Гныщевич загоготал. Довольно трудно доказать, что некоего человека отравили, когда этот человек живёт по соседству и ничем желудочным не страдает. Тайну о болезни графа Гныщевич ценил, но не выше своей жизни и репутации.

«А давайте, — хмыкнул он вслух, — и посмотрим, за сколько часов мои поклонницы разорвут вас в клочья».

«Не нарывайся, щенок! — громыхнул Скворцов. — Нарочно нас к крайним мерам толкаешь?!»

«Oui, — серьёзно кивнул Гныщевич. — И руки я тоже сам себе связал. Чтоб вам неповадно было».

Под усами у Йорба зашевелилась неодобрительность.

«Вы передумаете», — пообещал он, и Гныщевича снова увели.

Его не пытали всерьёз, но воспалённого плеча, жёсткой койки, темноты и голода вполне хватало, чтобы понять нехитрую затею генералов (генерала Йорба лично?). Просить же еды Гныщевич не решался. Не из гордости, ça va sans dire, и даже не из страха перед отравой. Просто чутьё подсказывало ему, что пытаться завязать дружбу с нынешним караулом — не лучшая идея.

По-своему Йорб был прав, отношение Гныщевича к ситуации сменилось всего за сутки. Ему стало очевидно, что кондиции его отнюдь не улучшаются, а значит, каждая минута промедления их усугубляет.

На третьей встрече с генералами его уже не развязывали. «Вы ж мне руку угробите!» — возмутился Гныщевич. «Начнём с руки», — ответил Йорб, и в выражении его впервые проявилось хищничество.

Генералы повторяли всё то же самое. Они терпели бесчисленные комитеты, потому что не успевали ничего им противопоставить, потому что хаос нельзя подпитывать внутренней грызнёй и потому что солдаты души не чаяли в Твирине, а горожане — в графе. Но сколь наивным нужно быть, чтобы полагать, будто теперь, когда всё улеглось, генералы смиренно примут тот клочок, что выделило им Бюро Патентов, а на большее не позарятся?
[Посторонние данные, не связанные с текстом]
Lemma integral_cutoff h s t : 0 <= s -> nonincreasing_fun h -> (forall x, 0 <= h x) ->
  (\int[mu]_(u in `]0%R, t]) (cutoff s h u)%:E =
   \int[mu]_(u in `]0%R, Num.min t s]) (h u)%:E)%E.
Proof.
move=> s0 hdec h0; have cdec := cutoff_nonincreasing s h0 hdec.
have below t' : t' <= s -> (\int[mu]_(u in `]0%R, t']) (cutoff s h u)%:E =
                           \int[mu]_(u in `]0%R, t']) (h u)%:E)%E.
  move=> ts; rewrite -!integral_itv_bndo_bndc; try exact: nonincreasing_measurable_EFin.
  apply: eq_integral => u; rewrite inE /= in_itv /= => /andP[_ ut].
  by rewrite /cutoff (lt_le_trans ut ts).
case: (leP t s) => ts; first exact: below.
rewrite (integral_itv_split s0 (ltW ts) cdec); last exact: cutoff_ge0.
rewrite below // (@integral_itv_cst _ _ 0 s t) ?(ltW ts) ?mul0r ?adde0 //.
by move=> u /andP[su _]; rewrite /cutoff ltNge (ltW su).
Qed.

Definition normM_at al h t : \bar R :=
  ((t `^ (al - 1))%:E * \int[mu]_(u in `]0%R, t]) (h u)%:E)%E.

Lemma normM_nonincreasing al h : nonincreasing_fun h -> (forall x, 0 <= h x) ->
  (forall t, 0 < t -> h x @[x --> t^'+] --> h t) ->
  normM al h = ereal_sup [set normM_at al h t | t in [set t | 0 < t]].
Proof.
move=> hdec h0 hrc; rewrite /normM; congr ereal_sup.
suff rearrE t : (\int[mu]_(u in [set` `]0%R, t]]) rearr h u =
                 \int[mu]_(u in `]0%R, t]) (h u)%:E)%E.
  by apply/seteqP; split => _ [t t0 <-]; exists t; rewrite // /normM_at rearrE.
apply: eq_integral => u; rewrite inE /= in_itv /= => /andP[u0 _].
by rewrite rearr_nonincreasing //; exact: hrc.
Qed.

Lemma normM_at_cutoff_le al h s t : al <= 1 -> 0 < s -> 0 < t ->
  nonincreasing_fun h -> (forall x, 0 <= h x) ->
  (normM_at al (cutoff s h) t <= normM_at al h (Num.min t s))%E.
Proof.
move=> al1 s0 t0 hdec h0; rewrite /normM_at integral_cutoff ?(ltW s0) //.
apply: lee_wpmul2r; first by apply: integral_ge0 => u _; rewrite lee_fin.
rewrite lee_fin -(opprB 1 al) !powRN.
have m0 : 0 < Num.min t s by rewrite lt_min s0 t0.
rewrite lef_pV2 ?posrE ?powR_gt0 //.
by apply: ge0_ler_powR; rewrite ?nnegrE ?subr_ge0 ?(ltW m0) ?(ltW t0) // ge_min lexx.
Qed.

Lemma normM_at_cutoff al h s t : 0 <= s -> t <= s ->
  nonincreasing_fun h -> (forall x, 0 <= h x) ->
  normM_at al (cutoff s h) t = normM_at al h t.
Proof. by move=> s0 ts hdec h0; rewrite /normM_at integral_cutoff ?min_l. Qed.

Section cutoff_norm.
Variables (al : R) (h : R -> R).
Hypotheses (hdec : nonincreasing_fun h) (h0 : forall x, 0 <= h x)
  (hrc : forall t, 0 < t -> h x @[x --> t^'+] --> h t).

Lemma normM_cutoff s : normM al (cutoff s h) =
  ereal_sup [set normM_at al (cutoff s h) t | t in [set t | 0 < t]].
Proof.
apply: normM_nonincreasing; [exact: cutoff_nonincreasing | exact: cutoff_ge0 |].
by move=> t t0; apply: cutoff_right_cvg => _; exact: hrc.
Qed.

Lemma normM_trunc_rearr s : normM al (trunc_rearr h s) = normM al (cutoff s h).
Proof.
apply: normM_ext => x x0; rewrite /trunc_rearr /cutoff x0 /=.
by case: ifP => // _; rewrite rearr_nonincreasing //; exact: hrc.
Qed.

Lemma normM_at_le_normM_cutoff s : 0 < s -> (normM_at al h s <= normM al (cutoff s h))%E.
Proof.
move=> s0; rewrite normM_cutoff -(@normM_at_cutoff al h s s) ?(ltW s0) //.
by apply: ereal_sup_ubound; exists s.
Qed.

Lemma normM_cutoff_le s : al <= 1 -> 0 < s ->
  (forall t, 0 < t -> t <= s -> (normM_at al h t <= normM_at al h s)%E) ->
  (normM al (cutoff s h) <= normM_at al h s)%E.
Proof.
move=> al1 s0 hmono; rewrite normM_cutoff; apply: ge_ereal_sup => _ [t t0 <-].
apply: le_trans (normM_at_cutoff_le al1 s0 t0 hdec h0) _.
by apply: hmono; rewrite ?lt_min ?t0 ?s0 // ge_min lexx orbT.
Qed.

End cutoff_norm.

End cutoff.

Section plateau.
Variables (R : realType) (al : R).
Hypotheses (al0 : 0 < al) (al1 : al < 1).
Local Notation mu := (@lebesgue_measure R).
Local Notation a := (1 - al).
Local Notation ia := (1 - al)^-1.
Implicit Types (p t x : R).

Definition plateau p x := if x < p then 1 else x `^ (- al).

Lemma a_gt0 : 0 < a. Proof. by rewrite subr_gt0. Qed.

Lemma ia_gt1 : 1 < ia.
Proof. by rewrite invf_gt1 ?a_gt0 // ltrBlDr ltrDl. Qed.

Lemma powRN_le x y : 0 < x -> x <= y -> y `^ (- al) <= x `^ (- al).
Proof.
move=> x0 xy; rewrite !powRN lef_pV2 ?posrE ?powR_gt0 ?(lt_le_trans x0 xy) //.
by apply: ge0_ler_powR; rewrite ?nnegrE ?(ltW al0) ?(ltW x0) ?(ltW (lt_le_trans x0 xy)).
Qed.

Lemma powRN_le1 x : 1 <= x -> x `^ (- al) <= 1.
Proof. by move=> x1; have := powRN_le ltr01 x1; rewrite powR1. Qed.

Lemma plateau_ge0 p x : 0 <= plateau p x.
Proof. by rewrite /plateau; case: ifP => // _; rewrite powR_ge0. Qed.

Lemma plateau_nonincreasing p : 1 <= p -> nonincreasing_fun (plateau p).
Proof.
move=> p1 x y xy; rewrite /plateau.
case: (ltP y p) => yp; first by rewrite (le_lt_trans xy yp).
case: ifPn => [_|]; last first.
  by rewrite -leNgt => px; apply: powRN_le; rewrite // (lt_le_trans ltr01) // (le_trans p1).
by rewrite powRN_le1 // (le_trans p1).
Qed.

Lemma plateau_right_cvg p t : 0 < t -> plateau p x @[x --> t^'+] --> plateau p t.
Proof.
move=> t0; rewrite {2}/plateau; case: ltP => tp.
  suff E : {near t^'+, cst 1 =1 plateau p}.
    by apply: (@cvg_trans _ (cst (1:R) @ t^'+)); [exact: near_eq_cvg | exact: cvg_cst].
  by near=> x; rewrite /plateau ifT //; near: x; exact: nbhs_right_lt.
suff E : {near t^'+, @powR R ^~ (- al) =1 plateau p}.
  apply: (@cvg_trans _ (@powR R ^~ (- al) @ t^'+)); first exact: near_eq_cvg.
  by apply: cvg_at_right_filter; apply: powR_continuous.
near=> x; rewrite /plateau ifN // -leNgt; apply: le_trans tp (ltW _).
by near: x; exact: nbhs_right_gt.
Unshelve. all: by end_near.
Qed.

Lemma plateau_eq1 p x : 1 <= p -> x <= 1 -> plateau p x = 1.
Proof.
move=> p1 x1; rewrite /plateau; case: ltP => // px.
have -> : x = 1 by apply/le_anti; rewrite x1 (le_trans p1).
by rewrite powR1.
Qed.

Lemma plateau_le p q x : 1 <= p -> p <= q -> plateau p x <= plateau q x.
Proof.
move=> p1 pq; rewrite /plateau; case: (ltP x p) => xp.
  by rewrite (lt_le_trans xp pq).
by case: ifP => // _; rewrite powRN_le1 // (le_trans p1).
Qed.

Lemma integral_plateau_le p t : 1 <= p -> 0 <= t -> t <= p ->
  (\int[mu]_(u in `]0%R, t]) (plateau p u)%:E = t%:E)%E.
Proof.
move=> p1 t0 tp.
rewrite (@integral_itv_cst _ _ 1 0 t t0 (plateau_nonincreasing p1)) ?mul1r ?subr0 //.
by move=> u /andP[_ ut]; rewrite /plateau (lt_le_trans ut tp).
Qed.

Lemma integral_plateau_ge p t : 1 <= p -> p <= t ->
  (\int[mu]_(u in `]0%R, t]) (plateau p u)%:E = (p + (t `^ a - p `^ a) / a)%:E)%E.
Proof.
move=> p1 pt; have p0 : 0 < p := lt_le_trans ltr01 p1.
rewrite (integral_itv_split (ltW p0) pt (plateau_nonincreasing p1) (plateau_ge0 p)).
rewrite integral_plateau_le ?(ltW p0) //.
have -> : (\int[mu]_(u in `]p, t]) (plateau p u)%:E =
           \int[mu]_(u in `]p, t]) (u `^ (- al))%:E)%E.
  apply: eq_integral => u; rewrite inE /= in_itv /= => /andP[pu _].
  by rewrite /plateau ltNge (ltW pu).
by rewrite integral_powRN // -EFinD.
Qed.

Lemma normM_at_plateau_le p t : 1 <= p -> 0 < t -> t <= p ->
  normM_at al (plateau p) t = (t `^ al)%:E.
Proof.
move=> p1 t0 tp; rewrite /normM_at integral_plateau_le ?(ltW t0) // -EFinM.
by rewrite mulrC mulr_powRB1 ?(ltW t0).
Qed.

Lemma normM_at_plateau_ge p t : 1 <= p -> p <= t ->
  normM_at al (plateau p) t = (ia - p `^ a * (ia - p `^ al) / t `^ a)%:E.
Proof.
move=> p1 pt; have p0 : 0 < p := lt_le_trans ltr01 p1.
have t0 : 0 < t := lt_le_trans p0 pt.
rewrite /normM_at integral_plateau_ge // -EFinM; congr EFin.
have -> : al - 1 = - a by rewrite opprB.
have {1}-> : p = p `^ a * p `^ al.
  by rewrite -powRD subrK ?powRr1 ?(ltW p0) // oner_eq0.
have Ta : t `^ a != 0 by rewrite gt_eqF ?powR_gt0.
by rewrite powRN; field; rewrite Ta gt_eqF ?a_gt0.
Qed.
(* Let $\mathbf A\in\mathbb C^{m\times n}$ with $\operatorname{rank}\mathbf A=r$, where $r<\min\{m,n\}$ or $r=m<n$. Then the projection matrix $\mathbf P=\mathbf A^{+}\mathbf A\in\mathbb C^{n\times n}$ has entries \[ (\mathbf P)_{ij}=\frac{p_{ij}}{d_r(\mathbf A^{*}\mathbf A)},\qquad p_{ij}=\sum_{\beta\in J_{r,n}\{i\}}\left|\left((\mathbf A^{*}\mathbf A)_{.i}(\mathbf d_{.j})\right)^{\beta}_{\beta}\right|,\quad i,j=1,\dots,n,\] where $\mathbf d_{.j}$ is the $j$-th column of $\mathbf A^{*}\mathbf A$.
   Context: $\mathbf A^{+}$ is the Moore–Penrose inverse (unique $\mathbf X$ with $\mathbf A\mathbf X\mathbf A=\mathbf A$, $\mathbf X\mathbf A\mathbf X=\mathbf X$, $(\mathbf A\mathbf X)^{*}=\mathbf A\mathbf X$, $(\mathbf X\mathbf A)^{*}=\mathbf X\mathbf A$). $\mathbf M_{.i}(\mathbf c)$ denotes $\mathbf M$ with its $i$-th column replaced by $\mathbf c$. $J_{r,n}$ is the set of strictly increasing sequences of $r$ elements of $\{1,\dots,n\}$, $J_{r,n}\{i\}=\{\beta\in J_{r,n}:i\in\beta\}$, $\mathbf M^{\beta}_{\beta}$ is the principal submatrix indexed by $\beta$, $|\cdot|$ is the determinant, and $d_r(\mathbf M)=\sum_{\beta\in J_{r,n}}|\mathbf M^{\beta}_{\beta}|$. *)

From HB Require Import structures.
From mathcomp Require Import all_boot all_order all_algebra.
Set Implicit Arguments. Unset Strict Implicit. Unset Printing Implicit Defensive.
Import Order.TTheory GRing.Theory Num.Theory.
Local Open Scope ring_scope.

Definition ctmx (C : numClosedFieldType) m n (A : 'M[C]_(m, n)) : 'M[C]_(n, m) :=
  (map_mx (fun z => z^*) A)^T.

Definition is_MP_inverse (C : numClosedFieldType) m n
    (A : 'M[C]_(m, n)) (X : 'M[C]_(n, m)) : Prop :=
  [/\ A *m X *m A = A, X *m A *m X = X,
      ctmx (A *m X) = A *m X & ctmx (X *m A) = X *m A].

(* J_{r,n}: strictly increasing maps 'I_r -> 'I_n (0-based indices). *)
Definition incr_seq r n (f : {ffun 'I_r -> 'I_n}) : bool :=
  [forall k : 'I_r, forall l : 'I_r, (k < l)%N ==> (f k < f l)%N].

Definition princ_sub (C : numClosedFieldType) r n (M : 'M[C]_n)
    (f : {ffun 'I_r -> 'I_n}) : 'M[C]_r := mxsub f f M.

Definition col_replace (C : numClosedFieldType) m n (M : 'M[C]_(m, n))
    (i : 'I_n) (c : 'cV[C]_m) : 'M[C]_(m, n) :=
  \matrix_(k, l) (if l == i then c k ord0 else M k l).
Бюро Патентов предложило им заложить фундамент новой, всероссийской армии, и они были согласны стать таким фундаментом, но это не отнимало у них приверженности родному городу.

И желания хоть где-нибудь да главенствовать полностью.

Про Бюро Патентов Гныщевич уточнил. Ответ вышел предсказуемым: те заглядываются на всю страну, и им в целом всё равно, кому отдать Петерберг. Более того, расщедрился на сплетни Йорб, идея одного-единственного градоуправца с самого начала вызывала у Бюро Патентов сомнения, и они остановились на ней второпях, только лишь из-за доверия графу. В отсутствие графа они наверняка поприветствуют быструю отмену этой неудобной должности.

«Parfait! Говорите, сами хотите править, ни перед кем не отчитываться, — просюсюкал Гныщевич, — а уже в четыре голоса на хэра Ройша ссылаетесь».

На сей раз обратно в подвал его закинули пинком.

Гныщевича это вполне устраивало. Генералы не потащат его больше к себе, пока ему не поплохеет окончательно. Это даёт немного времени и развязывает руки. Par métaphore.

Руки следовало как можно скорее развязать без метафор, но единственным острым предметом в подвале были собственные гныщевичевские шпоры — разумеется, декоративные и незаточенные. Почему с него забыли снять шпоры? Probablement они слишком крепко слились в сознании людей со светлым образом самого Гныщевича и обернулись частью тела. Или генералы просто не сыскали другой обуви по его изящной и хрупкой ножке. А почему не оставили босым?

Обо всём этом Гныщевич думал, заплетшись в узел и ожесточённо елозя путами по правой шпоре (по правой — потому что так плечо меньше болело). Колёсико шпоры прокручивалось, приходилось на него буквально усаживаться, прижимая к полу. Любопытно, что зад оно кололо, а вот истирать верёвку не спешило.

Ещё Гныщевич думал о том, что Временный Расстрельный Комитет заключённых в столь паршивых условиях никогда не держал. Probablement. Хэру Штерцу полагались книги, а мсье Армавю вон даже сыскал себе Непроизносимый Путь. Но и к заключённым попроще отношение было милосерднее — когда начались первые аресты, Гныщевичу нередко доводилось заглядывать в камеры. Правда, он там не слишком задерживался. Пёс его знает — может, в свободное от допросов время заключённых тоже не кормили да не поили.

Связывали Гныщевича не очень туго, поскольку надолго (а для подписания указа, о котором мечтали генералы, ему б не помешали живые пальчики). Он был уверен, что это не иллюзия: прошло куда больше часа, прежде чем верёвка — не лопнула, конечно, но ослабла в достаточной мере, чтобы, подцепив её всё той же шпорой и ссаживая себе кожу, одну из петель удалось стащить. Остальное — дело техники.